I'm further dismayed by seeing people who take things recommended by supposedly reputable sources. It recently came to my attention that a company who purports to have some of the same understanding of fats as I do and follow some of the same guidelines has begun marketing krill oil as a source of omega-3 fats, never mind that OMEGA 3 FATS AND KRILL OIL ARE EXACTLY THE OILS I AND THOSE I FOLLOW WARN AGAINST TAKING. Sorry, I’m yelling. 
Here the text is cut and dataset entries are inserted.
(* Let $p$ be an odd prime and $k\in\{1,2,\ldots,(p-1)/2\}$. Then $$\binom{\frac{p-1}2+k}{2k}\equiv\frac{\binom{2k}k}{(-16)^k}\Big(1-p^2\sum_{i=1}^k\frac1{(2i-1)^2}\Big)\pmod{p^4}.$$
   Context: Congruences are between rational numbers whose denominators are prime to $p$. *)

From HB Require Import structures.
From mathcomp Require Import all_boot all_order all_algebra.
Set Implicit Arguments. Unset Strict Implicit. Unset Printing Implicit Defensive.
Import Order.TTheory GRing.Theory Num.Theory.
Local Open Scope ring_scope.

Definition rat_cong_mod (p n : nat) (x y : rat) : Prop :=
  exists (a b : int), ~~ (p%:Z %| b)%Z /\ x - y = (p ^ n)%:R * a%:~R / b%:~R.

From HB Require Import structures.
From mathcomp Require Import all_boot all_order all_algebra.
From mathcomp Require Import ring lra zify.
Import Order.TTheory GRing.Theory Num.Theory.
Set Implicit Arguments. Unset Strict Implicit. Unset Printing Implicit Defensive.
Local Open Scope ring_scope.

(* Write p = 2n + 1.  Pairing the factors n + i and n + 1 - i of the numerator
   of C(n + k, 2k) gives (p^2 - (2i - 1)^2) / 4, and the product of the (2i - 1)^2
   is the square of (2k)! / (2^k k!); hence the exact identity
     C(n + k, 2k) = C(2k, k) / (-16)^k * prod_(i <= k) (1 - p^2 / (2i - 1)^2),
   which holds for every n and k and is proved below by induction on k.
   Expanding the product, every term of degree at least 2 in p^2 is p^4 times a
   rational whose denominator is a product of odd numbers smaller than p. *)

Section PIntegral.

Variable p : nat.
Hypothesis p_prime : prime p.

Definition p_integral (x : rat) :=
  exists a b : int, ~~ (p%:Z %| b)%Z /\ x = a%:~R / b%:~R.

Lemma p_integral_divz (a b : int) : ~~ (p %| `|b|)%N -> p_integral (a%:~R / b%:~R).
Proof. by move=> p_b; exists a, b; rewrite dvdzE. Qed.

Lemma p_integral_nat n : p_integral n%:R.
Proof.
exists n%:Z, 1; rewrite divr1 dvdzE /= dvdn1; split=> //.
by apply: contraTneq p_prime => ->.
Qed.

Let not_dvdz_mul (b1 b2 : int) :
  ~~ (p%:Z %| b1)%Z -> ~~ (p%:Z %| b2)%Z -> ~~ (p%:Z %| b1 * b2)%Z.
Proof. by rewrite !dvdzE abszM Euclid_dvdM // => /negPf-> /negPf->. Qed.

Let intr_neq0_ndvd (b : int) : ~~ (p%:Z %| b)%Z -> b%:~R != 0 :> rat.
Proof. by apply: contra; rewrite intr_eq0 => /eqP->; apply: dvdz0. Qed.

Lemma p_integralN x : p_integral x -> p_integral (- x).
Proof. by move=> [a [b [p_b ->]]]; exists (- a), b; rewrite intrN mulNr. Qed.

Lemma p_integralM x y : p_integral x -> p_integral y -> p_integral (x * y).
Proof.
move=> [a1 [b1 [p_b1 ->]]] [a2 [b2 [p_b2 ->]]].
exists (a1 * a2), (b1 * b2); split; first exact: not_dvdz_mul.
by rewrite !intrM invfM mulrACA.
Qed.

Lemma p_integralD x y : p_integral x -> p_integral y -> p_integral (x + y).
Proof.
move=> [a1 [b1 [p_b1 ->]]] [a2 [b2 [p_b2 ->]]].
exists (a1 * b2 + a2 * b1), (b1 * b2); split; first exact: not_dvdz_mul.
by rewrite intrD !intrM; field; rewrite !intr_neq0_ndvd.
Qed.

Lemma p_integral_sum (I : eqType) (r : seq I) (F : I -> rat) :
  (forall i, i \in r -> p_integral (F i)) -> p_integral (\sum_(i <- r) F i).
Proof.
move=> F_int; rewrite big_seq; apply: big_ind => //; first exact: p_integral_nat 0.
exact: p_integralD.
Qed.

Lemma prod_one_sub_expansion (I : eqType) (r : seq I) (q : rat) (F : I -> rat) :
  p_integral q -> (forall i, i \in r -> p_integral (F i)) ->
  exists2 R, p_integral R &
    \prod_(i <- r) (1 - q * F i) = 1 - q * \sum_(i <- r) F i + q ^+ 2 * R.
Proof.
move=> q_int; elim: r => [|a r IHr] F_int.
  by exists 0; [exact: p_integral_nat 0 | rewrite !big_nil mulr0 subr0 mulr0 addr0].
have Fa_int : p_integral (F a) by apply: F_int; rewrite mem_head.
have F_int_r i : i \in r -> p_integral (F i).
  by move=> ir; apply: F_int; rewrite in_cons ir orbT.
have [R R_int prod_r] := IHr F_int_r.
exists (F a * \sum_(i <- r) F i + R * (1 - q * F a)).
  apply: p_integralD; first exact: p_integralM (p_integral_sum F_int_r).
  apply: p_integralM => //; apply: p_integralD; first exact: p_integral_nat 1.
  exact/p_integralN/p_integralM.
by rewrite !big_cons prod_r; ring.
Qed.

End PIntegral.

Lemma rat_cong_mod_intro p n x y R :
  p_integral p R -> x - y = (p ^ n)%:R * R -> rat_cong_mod p n x y.
Proof. by move=> [a [b [p_b ->]]] e; exists a, b; rewrite e mulrA. Qed.

Lemma prime_ndvdn_expn_lt p m e : prime p -> (0 < m < p)%N -> ~~ (p %| m ^ e)%N.
Proof.
move=> p_prime /andP[m_gt0 m_lt_p]; rewrite Euclid_dvdX //.
by apply/negP => /andP[/(dvdn_leq m_gt0)]; rewrite leqNgt m_lt_p.
Qed.

Lemma mul_binS2 m j : ('C(m.+1, j.+2) * j.+2 * j.+1 = m.+1 * (m - j) * 'C(m, j))%N.
Proof.
rewrite [('C(_, _) * _)%N]mulnC -(mul_bin_diag m.+1) /= -!mulnA.
by rewrite [('C(_, _) * _)%N]mulnC mul_bin_left.
Qed.

Lemma mul_bin_centralS k :
  ('C((2 * k).+2, k.+1) * k.+1 * k.+1 = (2 * k).+2 * (2 * k).+1 * 'C(2 * k, k))%N.
Proof.
have e1 := mul_bin_diag (2 * k).+2 k; have e2 := mul_bin_down (2 * k).+1 k.
rewrite /= in e1 e2; rewrite (_ : ((2 * k).+1 - k = k.+1)%N) in e2; last by lia.
by rewrite mulnC mulnA -e1 -mulnA [(_ * k.+1)%N]mulnC -e2 mulnA.
Qed.

Lemma bin_half_addS (n k : nat) :
  'C(n + k.+1, 2 * k.+1)%:R * (2 * k%:R + 2) * (2 * k%:R + 1)
    = (n%:R + k%:R + 1) * (n%:R - k%:R) * 'C(n + k, 2 * k)%:R :> rat.
Proof.
have -> : 2 * k%:R + 2 = (2 * k).+2%:R :> rat by rewrite -[(2 * k).+2]addn2 natrD natrM.
have -> : 2 * k%:R + 1 = (2 * k).+1%:R :> rat by rewrite -[(2 * k).+1]addn1 natrD natrM.
rewrite addnS mulnS -!natrM mul_binS2 -addn1 !natrM !natrD.
have [k_le_n | n_lt_k] := leqP k n.
  by rewrite (_ : (n + k - 2 * k = n - k)%N) ?natrB //; lia.
by rewrite bin_small ?mulr0 //; lia.
Qed.

Lemma bin_half_add (n k : nat) :
  'C(n + k, 2 * k)%:R = 'C(2 * k, k)%:R / (-16) ^+ k *
    \prod_(1 <= i < k.+1) (1 - ((n.*2.+1) ^ 2)%:R * (1 / ((2 * i - 1) ^ 2)%:R)) :> rat.
Proof.
elim: k => [|k IHk]; first by rewrite big_geq // muln0 addn0 !bin0 divr1 mulr1.
have k_ge0 : 0 <= k%:R :> rat := ler0n _ k.
have binS : 'C(n + k.+1, 2 * k.+1)%:R = (n%:R + k%:R + 1) * (n%:R - k%:R) *
    'C(n + k, 2 * k)%:R / ((2 * k%:R + 2) * (2 * k%:R + 1)) :> rat.
  by rewrite -bin_half_addS; field; rewrite !lt0r_neq0 //; lra.
have centralS : 'C(2 * k.+1, k.+1)%:R =
    (2 * k%:R + 2) * (2 * k%:R + 1) * 'C(2 * k, k)%:R / (k%:R + 1) ^+ 2 :> rat.
  have kS_neq0 : k%:R + 1 != 0 :> rat by rewrite lt0r_neq0 //; lra.
  have := congr1 (fun x => x%:R : rat) (mul_bin_centralS k).
  rewrite !natrM -!natr1 natrM => e.
  rewrite mulnS; apply: (mulIf kS_neq0); apply: (mulIf kS_neq0).
  by rewrite e; field.
have odd_sq m : ((m.*2.+1) ^ 2)%:R = (2 * m%:R + 1) ^+ 2 :> rat.
  by rewrite natrX -natr1 -muln2 natrM mulrC.
rewrite big_nat_recr //= (_ : (2 * k.+1 - 1 = k.*2.+1)%N); last by lia.
rewrite binS IHk centralS [(-16) ^+ k.+1]exprS !odd_sq.
have s_neq0 : (-16) ^+ k != 0 :> rat by rewrite expf_neq0.
field; rewrite s_neq0 !lt0r_neq0 //; lra.
Qed.

Theorem lemma2p2 (p k : nat) :
  prime p -> odd p -> (1 <= k)%N -> (k <= (p - 1) %/ 2)%N ->
  rat_cong_mod p 4
    ('C((p - 1) %/ 2 + k, 2 * k))%:R
    (('C(2 * k, k))%:R / ((-16) ^+ k)
       * (1 - (p ^ 2)%:R * \sum_(1 <= i < k.+1) 1 / ((2 * i - 1) ^ 2)%:R)).
Proof.
move=> p_prime p_odd k_ge1 k_le_n; set n := ((p - 1) %/ 2)%N in k_le_n *.
have p_eq : p = n.*2.+1.
  by have := odd_double_half p; rewrite p_odd -divn2 -muln2 /n; lia.
have p_gt2 : (2 < p)%N by rewrite p_eq; lia.
set c := _ / _.
have c_int : p_integral p c.
  rewrite /c -[16]/(16%:~R) -rmorphN -rmorphXn pmulrn; apply: p_integral_divz.
  by rewrite abszX /= (_ : 16 = 2 ^ 4)%N // -expnM prime_ndvdn_expn_lt.
have inv_sq_int i : i \in index_iota 1 k.+1 ->
    p_integral p (1 / ((2 * i - 1) ^ 2)%:R).
  rewrite mem_index_iota => /andP[i_ge1 i_le_k].
  rewrite pmulrn -[1]/(1%:~R); apply: p_integral_divz.
  by apply: prime_ndvdn_expn_lt; lia.
have [R R_int prod_eq] :=
  prod_one_sub_expansion p_prime (p_integral_nat p_prime (p ^ 2)) inv_sq_int.
apply: (rat_cong_mod_intro (p_integralM p_prime c_int R_int)).
by rewrite bin_half_add -p_eq prod_eq -/c !natrX; ring.
Qed.
(* Let $r\ge1$, $a,b,q$ be nonnegative integers and $p$ a real number with $0\le p\le b$, $0\le q\le a$, $a-q=r(b-p)$, and $a$ and $b$ not both zero. Let $P\subset\mathbb{R}^2$ be the closed (possibly degenerate) pentagon with vertices $(0,0),(0,a),(p,a),(b,q),(b,0)$. Call a sequence $(c_1,\dots,c_a)$ of nonnegative integers a parking function in $P$ if its nondecreasing rearrangement $s_1\le s_2\le\cdots\le s_a$ is the left-area sequence of some lattice path from $(0,a)$ to $(b,0)$ with unit steps $(0,-1)$ and $(1,0)$ contained in $P$, where the left-area sequence of such a path is $(s_1,\dots,s_a)$ with $s_i$ the $x$-coordinate of the down step going from height $a-i+1$ to height $a-i$. Define $G(a,b,p,r,q)$ recursively by $$G(a,b,p,r,q)=\begin{cases}(b+1)^a & \text{if } p=b \ (\text{equivalently } q=a,\ P\text{ a rectangle or segment}),\\[4pt] \displaystyle\sum_{w=0}^{q} b^{a-q+w}\binom{a}{q-w} & \text{else if } a-q\le r,\\[4pt] \displaystyle\sum_{w=0}^{q}(\lfloor p\rfloor+1)^{a-w}(b-\lfloor p\rfloor)^{w}\binom{a}{w}+\sum_{t=q+1}^{q+(b-\lfloor p\rfloor-1)r}(\lfloor p\rfloor+1)^{a-t}\binom{a}{t}\,G(\xi_t) & \text{otherwise,}\end{cases}$$ where $\xi_t=\big(t,\ b-\lfloor p\rfloor-1,\ b-\lfloor p\rfloor-\tfrac{t-q}{r}-1,\ r,\ q\big)$. Then the number of parking functions in $P$ equals $G(a,b,p,r,q)$.
   Context: The pentagon $P$ has a slanted side from $(p,a)$ to $(b,q)$ along which the height drops by $r$ for each unit of horizontal displacement; $\lfloor p\rfloor$ denotes the integer part of $p$. *)

From Stdlib Require Import Reals ZArith.
From mathcomp Require Import all_boot.

Set Implicit Arguments.
Unset Strict Implicit.
Unset Printing Implicit Defensive.

(* integer part of a (nonnegative) real: Int_part x = up x - 1 = floor x *)
Definition fl (p : R) : nat := Z.to_nat (Int_part p).

(* The closed pentagon P with vertices (0,0),(0,a),(p,a),(b,q),(b,0),
   the slanted side having slope -r:
   P = { (x,y) | 0 <= x <= b, 0 <= y <= a, y <= a - r (x - p) }.
   (Nonnegativity is automatic for lattice points with nat coordinates.) *)
Definition in_P (a b : nat) (p : R) (r : nat) (x y : nat) : Prop :=
  Rle (INR x) (INR b) /\ Rle (INR y) (INR a) /\
  Rle (INR y) (Rminus (INR a) (Rmult (INR r) (Rminus (INR x) p))).

(* A lattice path from (0,a) to (b,0) is a word of steps:
   true = down step (0,-1), false = right step (1,0). *)
Definition is_path (a b : nat) (s : seq bool) : Prop :=
  count id s = a /\ count negb s = b.

Definition path_pt (a : nat) (s : seq bool) (k : nat) : nat * nat :=
  (count negb (take k s), a - count id (take k s)).

(* the path is contained in P: every lattice point visited lies in P
   (equivalent to containment of the whole polygonal path, P being convex) *)
Definition path_in_P (a b : nat) (p : R) (r : nat) (s : seq bool) : Prop :=
  is_path a b s /\
  forall k, (k <= size s)%N -> in_P a b p r (path_pt a s k).1 (path_pt a s k).2.

Fixpoint left_area_from (x : nat) (s : seq bool) : seq nat :=
  match s with
  | [::] => [::]
  | true :: s' => x :: left_area_from x s'
  | false :: s' => left_area_from x.+1 s'
  end.

Definition left_area (s : seq bool) : seq nat := left_area_from 0 s.

Definition parking_in_P (a b : nat) (p : R) (r : nat) (c : seq nat) : Prop :=
  size c = a /\
  exists s : seq bool, path_in_P a b p r s /\ sort leq c = left_area s.

(* G(a,b,p,r,q), defined by recursion on b (fuel argument, which is always
   large enough when started at b.+1, since the recursive calls have
   b' = b - floor p - 1 < b) *)
Fixpoint G_fuel (n : nat) (a b : nat) (p : R) (r q : nat) : nat :=
  match n with
  | 0 => 0
  | n'.+1 =>
    if Req_EM_T p (INR b) then (b + 1) ^ a
    else if (a - q <= r)%N then
      \sum_(0 <= w < q.+1) b ^ (a - q + w) * 'C(a, q - w)
    else
      let f := fl p in
      \sum_(0 <= w < q.+1) (f + 1) ^ (a - w) * (b - f) ^ w * 'C(a, w)
      + \sum_(q.+1 <= t < (q + (b - f - 1) * r).+1)
          (f + 1) ^ (a - t) * 'C(a, t) *
          G_fuel n' t (b - f - 1)
                 (Rminus (INR (b - f - 1)) (Rdiv (INR (t - q)) (INR r))) r q
  end.

Definition G (a b : nat) (p : R) (r q : nat) : nat := G_fuel b.+1 a b p r q.

(* A word c in {0..b}^a is a parking function in P iff
   #{i | c_i < x} >= r (x - p) for every column x <= b: the path with
   left-area sequence sort c meets column x at height a - #{i | c_i < x},
   and P allows at most a - r (x - p) there.  Columns x <= floor p impose
   nothing, so with m = floor p + 1 the entries of c below m are free
   (m choices each), while the entries >= m, shifted down by m, form a word
   of some length t in {0..b-m}^t satisfying the same condition for the
   pentagon (t, b-m, b-m-(t-q)/r, r, q).  That condition holds for every
   word when t <= q and for none when t > q + (b-m) r; summing
   C(a,t) m^(a-t) times these counts over t is the recursion defining G. *)

From Stdlib Require Import Reals ZArith Lra Lia.
From mathcomp Require Import all_boot zify.

Set Implicit Arguments.
Unset Strict Implicit.
Unset Printing Implicit Defensive.

(* [%R] is taken by MathComp's ring_scope. *)
Delimit Scope R_scope with Re.

Fixpoint bounded_seqs (n b : nat) : seq (seq nat) :=
  if n is n'.+1 then [seq x :: s | x <- iota 0 b.+1, s <- bounded_seqs n' b]
  else [:: [::]].

Arguments bounded_seqs : simpl never.

Lemma bounded_seqsS n b :
  bounded_seqs n.+1 b = [seq x :: s | x <- iota 0 b.+1, s <- bounded_seqs n b].
Proof. by []. Qed.

Lemma mem_bounded_seqs n b c :
  (c \in bounded_seqs n b) = (size c == n) && all (leq^~ b) c.
Proof.
elim: n c => [|n IHn] [|y c] //.
  by rewrite bounded_seqsS; apply/allpairsP => -[[x s] [_ _]].
rewrite bounded_seqsS; apply/allpairsP/idP.
- move=> [[x s] [+ + [-> ->]]]; rewrite mem_iota IHn ltnS.
  by rewrite /= eqSS => -> /andP[-> ->].
- move=> /andP[/eqP[csize] /andP[yb cb]].
  by exists (y, c); rewrite mem_iota IHn ltnS yb csize eqxx.
Qed.

Lemma bounded_seqs_uniq n b : uniq (bounded_seqs n b).
Proof.
elim: n => // n IHn; apply: allpairs_uniq => //; first exact: iota_uniq.
by move=> [x s] [y t] _ _ /= [-> ->].
Qed.
Lemma taylor2_coeffs_unique f A B C D E F : locally_2d (fun u v => ex_diff_n f 3 u v) 0 0 ->
 (exists M d, 0 < d /\ forall u v, Rabs u < d -> Rabs v < d ->
    Rabs (f u v - (A + B * u + C * v + D * u ^ 2 + E * (u * v) + F * v ^ 2))
      <= M * Rmax (Rabs u) (Rabs v) ^ 3) ->
 f 0 0 = A /\ partial_derive 1 0 f 0 0 = B /\ partial_derive 0 1 f 0 0 = C /\
 partial_derive 2 0 f 0 0 = 2 * D /\ partial_derive 1 1 f 0 0 = E /\ partial_derive 0 2 f 0 0 = 2 * F.
Proof.
  intros Hl [M [d [Hd HM]]].
  destruct (Taylor_Lagrange_2d f 2 0 0 Hl) as [D' [d' HD']].
  destruct (quadratic2_O3_zero (f 0 0 - A) (partial_derive 1 0 f 0 0 - B)
     (partial_derive 0 1 f 0 0 - C) (/ 2 * partial_derive 2 0 f 0 0 - D)
     (partial_derive 1 1 f 0 0 - E) (/ 2 * partial_derive 0 2 f 0 0 - F)
     (D' + M) (Rmin d d')) as [H1 [H2 [H3 [H4 [H5 H6]]]]].
  { apply Rmin_pos; auto. apply cond_pos. }
  { intros u v [Hu1 Hu2]%Rlt_Rmin_inv [Hv1 Hv2]%Rlt_Rmin_inv.
    specialize (HM u v Hu1 Hv1).
    assert (Hu2' : Rabs (u - 0) < d') by (rewrite Rminus_0_r; auto).
    assert (Hv2' : Rabs (v - 0) < d') by (rewrite Rminus_0_r; auto).
    specialize (HD' u v Hu2' Hv2'). rewrite !Rminus_0_r in HD'. rewrite DL_pol_2 in HD'.
    match goal with |- Rabs ?X <= _ => replace X with
      ((f u v - (A + B * u + C * v + D * u ^ 2 + E * (u * v) + F * v ^ 2)) -
       (f u v - (f 0 0 + partial_derive 1 0 f 0 0 * u + partial_derive 0 1 f 0 0 * v +
        / 2 * partial_derive 2 0 f 0 0 * u ^ 2 + partial_derive 1 1 f 0 0 * (u * v) +
        / 2 * partial_derive 0 2 f 0 0 * v ^ 2))) by ring end.
    eapply Rle_trans. apply Rabs_triang. rewrite Rabs_Ropp.
    replace (S 2) with 3%nat in HD' by reflexivity. lra. }
  repeat split; lra.
Qed.

Lemma Re_dz (F : fun2) x y :
  Re (dz F x y) = / 2 * (Derive (fun t => Re (F t y)) x + Derive (fun t => Im (F x t)) y).
Proof. unfold dz, pd1, pd2. simpl. field. Qed.

Lemma Im_dz (F : fun2) x y :
  Im (dz F x y) = / 2 * (Derive (fun t => Im (F t y)) x - Derive (fun t => Re (F x t)) y).
Proof. unfold dz, pd1, pd2. simpl. field. Qed.

Lemma Re_dzb (F : fun2) x y :
  Re (dzb F x y) = / 2 * (Derive (fun t => Re (F t y)) x - Derive (fun t => Im (F x t)) y).
Proof. unfold dzb, pd1, pd2. simpl. field. Qed.

Lemma Im_dzb (F : fun2) x y :
  Im (dzb F x y) = / 2 * (Derive (fun t => Im (F t y)) x + Derive (fun t => Re (F x t)) y).
Proof. unfold dzb, pd1, pd2. simpl. field. Qed.

Lemma dzb_real (F : fun2) x y :
  locally_2d (fun a b => Im (F a b) = 0) x y -> dzb F x y = Cconj (dz F x y).
Proof.
  intros [e He].
  assert (H1 : Derive (fun t => Im (F t y)) x = 0).
  { rewrite (Derive_ext_loc _ (fun _ => 0)); [apply Derive_const|].
    exists e. intros t Ht. apply He; [exact Ht | rewrite Rminus_diag, Rabs_R0; apply cond_pos]. }
  assert (H2 : Derive (fun t => Im (F x t)) y = 0).
  { rewrite (Derive_ext_loc _ (fun _ => 0)); [apply Derive_const|].
    exists e. intros t Ht. apply He; [rewrite Rminus_diag, Rabs_R0; apply cond_pos | exact Ht]. }
  apply injective_projections.
  - change (Re (dzb F x y) = Re (dz F x y)). rewrite Re_dzb, Re_dz, H2; ring.
  - change (Im (dzb F x y) = - Im (dz F x y)). rewrite Im_dzb, Im_dz, H1; ring.
Qed.

Section WirtingerSecond.

Variables (F : fun2) (U : R -> R -> Prop) (x y : R).
Let Fr := fun a b => Re (F a b).
Let Fi := fun a b => Im (F a b).
Hypothesis HU : open_2d U.
Hypothesis HFr : diff_on 2 Fr U.
Hypothesis HFi : diff_on 2 Fi U.
Hypothesis Hxy : U x y.

Lemma mixed_partials_sym f : diff_on 2 f U ->
  Derive (fun s => Derive (fun t => f t s) x) y = partial_derive 1 1 f x y.
Proof.
  intros Hf. symmetry. apply Schwarz.
  - apply (open_2d_locally U HU); [exact Hxy|]. intros a b Hab. repeat split.
    + exact (diff_on_ex_derive1 U 1 f a b Hf Hab).
    + exact (diff_on_ex_derive2 U 1 f a b Hf Hab).
    + exact (diff_on_ex_derive1 U 0 _ a b (diff_on_deriv2 U 1 f Hf) Hab).
    + exact (diff_on_ex_derive2 U 0 _ a b (diff_on_deriv1 U 1 f Hf) Hab).
  - exact (diff_on_continuity U 0 _ x y (diff_on_deriv1 U 0 _ (diff_on_deriv2 U 1 f Hf)) Hxy).
  - exact (diff_on_continuity U 0 _ x y (diff_on_deriv2 U 0 _ (diff_on_deriv1 U 1 f Hf)) Hxy).
Qed.

Lemma Derive_x_Re_dzb :
  Derive (fun t => Re (dzb F t y)) x = / 2 * (partial_derive 2 0 Fr x y - partial_derive 1 1 Fi x y).
Proof.
  rewrite (Derive_ext _ (fun t => / 2 * (Derive (fun s => Fr s y) t - Derive (fun s => Fi t s) y)))
    by (intros; apply Re_dzb).
  rewrite Derive_scal, Derive_minus; [reflexivity | ..].
  - exact (diff_on_ex_derive1 U 0 _ x y (diff_on_deriv1 U 1 Fr HFr) Hxy).
  - exact (diff_on_ex_derive1 U 0 _ x y (diff_on_deriv2 U 1 Fi HFi) Hxy).
Qed.

Lemma Derive_x_Im_dzb :
  Derive (fun t => Im (dzb F t y)) x = / 2 * (partial_derive 2 0 Fi x y + partial_derive 1 1 Fr x y).
Proof.
  rewrite (Derive_ext _ (fun t => / 2 * (Derive (fun s => Fi s y) t + Derive (fun s => Fr t s) y)))
    by (intros; apply Im_dzb).
  rewrite Derive_scal, Derive_plus; [reflexivity | ..].
  - exact (diff_on_ex_derive1 U 0 _ x y (diff_on_deriv1 U 1 Fi HFi) Hxy).
  - exact (diff_on_ex_derive1 U 0 _ x y (diff_on_deriv2 U 1 Fr HFr) Hxy).
Qed.

Lemma Derive_y_Re_dzb :
  Derive (fun s => Re (dzb F x s)) y = / 2 * (partial_derive 1 1 Fr x y - partial_derive 0 2 Fi x y).
Proof.
  rewrite (Derive_ext _ (fun s => / 2 * (Derive (fun t => Fr t s) x - Derive (fun t => Fi x t) s)))
    by (intros; apply Re_dzb).
  rewrite Derive_scal, Derive_minus, (mixed_partials_sym Fr HFr); [reflexivity | ..].
  - exact (diff_on_ex_derive2 U 0 _ x y (diff_on_deriv1 U 1 Fr HFr) Hxy).
  - exact (diff_on_ex_derive2 U 0 _ x y (diff_on_deriv2 U 1 Fi HFi) Hxy).
Qed.

Lemma Derive_y_Im_dzb :
  Derive (fun s => Im (dzb F x s)) y = / 2 * (partial_derive 1 1 Fi x y + partial_derive 0 2 Fr x y).
Proof.
  rewrite (Derive_ext _ (fun s => / 2 * (Derive (fun t => Fi t s) x + Derive (fun t => Fr x t) s)))
    by (intros; apply Im_dzb).
  rewrite Derive_scal, Derive_plus, (mixed_partials_sym Fi HFi); [reflexivity | ..].
  - exact (diff_on_ex_derive2 U 0 _ x y (diff_on_deriv1 U 1 Fi HFi) Hxy).
  - exact (diff_on_ex_derive2 U 0 _ x y (diff_on_deriv2 U 1 Fr HFr) Hxy).
Qed.

Lemma Re_dz_dzb :
  Re (dz (dzb F) x y) = / 4 * (partial_derive 2 0 Fr x y + partial_derive 0 2 Fr x y).
Proof. rewrite Re_dz, Derive_x_Re_dzb, Derive_y_Im_dzb. field. Qed.

Lemma Im_dz_dzb :
  Im (dz (dzb F) x y) = / 4 * (partial_derive 2 0 Fi x y + partial_derive 0 2 Fi x y).
Proof. rewrite Im_dz, Derive_x_Im_dzb, Derive_y_Re_dzb. field. Qed.

Lemma Re_dzb_dzb : Re (dzb (dzb F) x y) =
  / 4 * (partial_derive 2 0 Fr x y - partial_derive 0 2 Fr x y - 2 * partial_derive 1 1 Fi x y).
Proof. rewrite Re_dzb, Derive_x_Re_dzb, Derive_y_Im_dzb. field. Qed.

Lemma Im_dzb_dzb : Im (dzb (dzb F) x y) =
  / 4 * (partial_derive 2 0 Fi x y - partial_derive 0 2 Fi x y + 2 * partial_derive 1 1 Fr x y).
Proof. rewrite Im_dzb, Derive_x_Im_dzb, Derive_y_Re_dzb. field. Qed.

End WirtingerSecond.

Lemma Re_quad_form a0 a1 a2 a3 a4 a5 u v : Re (quad_form a0 a1 a2 a3 a4 a5 (u, v)) =
  Re a0 + (Re a1 + Re a2) * u + (Im a1 - Im a2) * v + (Re a3 + Re a4 + Re a5) * u ^ 2
  + (2 * Im a4 - 2 * Im a3) * (u * v) + (Re a5 - Re a3 - Re a4) * v ^ 2.
Proof. unfold quad_form, Re, Im. simpl. ring. Qed.

Lemma Im_quad_form a0 a1 a2 a3 a4 a5 u v : Im (quad_form a0 a1 a2 a3 a4 a5 (u, v)) =
  Im a0 + (Im a1 + Im a2) * u + (Re a2 - Re a1) * v + (Im a3 + Im a4 + Im a5) * u ^ 2
  + (2 * Re a3 - 2 * Re a4) * (u * v) + (Im a5 - Im a3 - Im a4) * v ^ 2.
Proof. unfold quad_form, Re, Im. simpl. ring. Qed.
My own experience with supplements was one of trial and error, which often harmed my health such as taking Resveratrol which elevated my cortisol to alarming levels or nitric oxide boosters which hastened my aging and fatigue development (these are often in pre-workout supplements and will make you age faster than Rip Van Winkle). It really is better to not take supplements than it is to take some which are harmful, as you will regress rather than progress in health gains. That being said, there are some which have a long history of known effects and can be helpful with minimal side effects, ones which have been integral to the restoration of my health. But even some good supplements have side effects, and these are usually easily avoided simply by taking low doses—where most people think that more is better and will have a stronger effect on their health, this is not often the case and more can usually throw metabolic pathways out of whack. The only supplements I've ever found which works opposite this are vitamin C and iodine (and iodine can still throw your pathways out of whack but in the case of iodine, I view it as a positive thing).

After years of trying different supplements there are only a few which have consistently proved to be of actual benefit to my long term health while also being fairly benign in their effects. Previously I made a Supplement Guide  which details my experience with a whole host of supplements. Below are the ones that I continue to take to this day, and why I take each can be found in my book, Fuck Portion Control. I don't provide or recommend brands because sometimes they change formulas, or readers might take the recommendation of one supplement from one brand as an endorsement of their whole line, which is rarely the case as supplements usually contain allergenic and problematic fillers and additives. It is best to read ingredients, compare brands, buy those with the least number of content, and especially avoid things like silica, gums, titanium, and other suspect ingredients. One ingredient that is often mistaken as a problem but which is common is magnesium stearate. That is just magnesium bound to a stearic acid molecule which is one of the most helpful fatty acids, but stearic acid is also not easily absorbed into the body at all, especially as a lone fatty acid, and this ingredient is in my opinion, harmless, or even helpful. Also, in my past when I was very ill I did need to use other supplements such as thiamine, riboflavin, or lysine but which I no longer need, and the broader list of helpful supplements are in the supplement guide or mentioned as such in my book. 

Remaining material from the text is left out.